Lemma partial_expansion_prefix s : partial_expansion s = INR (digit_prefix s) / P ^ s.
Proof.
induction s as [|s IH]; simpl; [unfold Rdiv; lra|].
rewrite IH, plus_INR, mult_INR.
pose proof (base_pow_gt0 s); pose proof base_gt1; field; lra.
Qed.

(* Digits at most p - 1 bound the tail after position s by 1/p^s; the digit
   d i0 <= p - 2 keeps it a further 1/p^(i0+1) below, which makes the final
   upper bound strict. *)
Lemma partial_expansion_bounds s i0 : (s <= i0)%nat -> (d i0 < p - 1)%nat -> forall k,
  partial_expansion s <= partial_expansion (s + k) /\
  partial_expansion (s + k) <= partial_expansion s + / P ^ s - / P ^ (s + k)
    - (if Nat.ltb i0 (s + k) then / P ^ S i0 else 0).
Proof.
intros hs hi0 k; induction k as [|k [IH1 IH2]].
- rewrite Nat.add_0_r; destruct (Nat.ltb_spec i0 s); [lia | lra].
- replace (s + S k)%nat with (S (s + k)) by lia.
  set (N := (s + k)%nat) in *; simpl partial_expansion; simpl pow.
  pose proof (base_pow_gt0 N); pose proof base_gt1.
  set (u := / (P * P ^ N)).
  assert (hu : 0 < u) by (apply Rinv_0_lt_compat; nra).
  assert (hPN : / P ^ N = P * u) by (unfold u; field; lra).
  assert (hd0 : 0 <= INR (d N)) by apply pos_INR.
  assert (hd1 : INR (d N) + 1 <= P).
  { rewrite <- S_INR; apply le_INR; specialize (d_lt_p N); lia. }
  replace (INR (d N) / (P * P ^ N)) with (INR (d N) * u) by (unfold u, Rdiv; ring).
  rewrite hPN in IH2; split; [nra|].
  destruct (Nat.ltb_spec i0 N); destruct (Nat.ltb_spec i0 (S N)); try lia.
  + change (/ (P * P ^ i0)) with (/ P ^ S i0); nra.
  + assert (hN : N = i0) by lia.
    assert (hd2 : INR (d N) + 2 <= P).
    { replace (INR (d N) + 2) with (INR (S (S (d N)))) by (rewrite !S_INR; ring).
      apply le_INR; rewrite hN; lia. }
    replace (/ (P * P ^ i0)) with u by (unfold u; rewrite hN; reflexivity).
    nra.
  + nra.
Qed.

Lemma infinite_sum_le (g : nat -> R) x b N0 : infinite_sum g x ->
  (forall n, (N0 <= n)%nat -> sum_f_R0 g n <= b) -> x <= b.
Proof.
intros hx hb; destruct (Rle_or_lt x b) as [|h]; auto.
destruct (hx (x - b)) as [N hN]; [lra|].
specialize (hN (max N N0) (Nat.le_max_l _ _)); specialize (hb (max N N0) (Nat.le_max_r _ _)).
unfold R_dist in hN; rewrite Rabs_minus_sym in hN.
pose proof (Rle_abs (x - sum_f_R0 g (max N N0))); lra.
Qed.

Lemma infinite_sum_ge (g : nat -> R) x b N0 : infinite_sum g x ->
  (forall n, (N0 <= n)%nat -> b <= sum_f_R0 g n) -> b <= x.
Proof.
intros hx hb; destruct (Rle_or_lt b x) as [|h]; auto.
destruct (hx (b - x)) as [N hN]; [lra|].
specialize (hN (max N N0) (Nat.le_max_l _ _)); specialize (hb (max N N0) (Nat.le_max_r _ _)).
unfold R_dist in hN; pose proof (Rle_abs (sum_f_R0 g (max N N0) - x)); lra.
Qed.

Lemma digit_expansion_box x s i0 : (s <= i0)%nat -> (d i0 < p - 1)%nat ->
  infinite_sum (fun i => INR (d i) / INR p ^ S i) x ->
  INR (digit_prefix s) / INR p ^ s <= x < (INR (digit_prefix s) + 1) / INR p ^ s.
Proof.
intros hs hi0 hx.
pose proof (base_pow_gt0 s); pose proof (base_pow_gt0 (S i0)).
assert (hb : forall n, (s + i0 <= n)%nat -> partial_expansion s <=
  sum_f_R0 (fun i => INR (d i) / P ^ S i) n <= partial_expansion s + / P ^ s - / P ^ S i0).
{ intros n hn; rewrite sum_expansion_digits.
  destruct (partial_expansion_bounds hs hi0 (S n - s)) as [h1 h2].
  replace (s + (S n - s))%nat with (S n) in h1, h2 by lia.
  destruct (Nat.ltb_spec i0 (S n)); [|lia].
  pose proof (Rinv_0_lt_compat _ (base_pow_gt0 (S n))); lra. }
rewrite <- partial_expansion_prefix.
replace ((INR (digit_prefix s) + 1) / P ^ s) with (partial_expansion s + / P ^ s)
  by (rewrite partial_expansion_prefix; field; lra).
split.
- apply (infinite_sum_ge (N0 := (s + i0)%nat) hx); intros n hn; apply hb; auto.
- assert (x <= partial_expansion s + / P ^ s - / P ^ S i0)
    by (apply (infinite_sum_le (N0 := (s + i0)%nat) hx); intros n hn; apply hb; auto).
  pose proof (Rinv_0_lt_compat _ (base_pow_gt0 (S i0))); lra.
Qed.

■ **Problem to work on**
Only lines with the word "destruct" should be collected from the material.

■ **Exercise answer**
- rewrite Nat.add_0_r; destruct (Nat.ltb_spec i0 s); [lia | lra].
  destruct (Nat.ltb_spec i0 N); destruct (Nat.ltb_spec i0 (S N)); try lia.
intros hx hb; destruct (Rle_or_lt x b) as [|h]; auto.
destruct (hx (x - b)) as [N hN]; [lra|].
intros hx hb; destruct (Rle_or_lt b x) as [|h]; auto.
destruct (hx (b - x)) as [N hN]; [lra|].
  destruct (partial_expansion_bounds hs hi0 (S n - s)) as [h1 h2].
  destruct (Nat.ltb_spec i0 (S n)); [|lia].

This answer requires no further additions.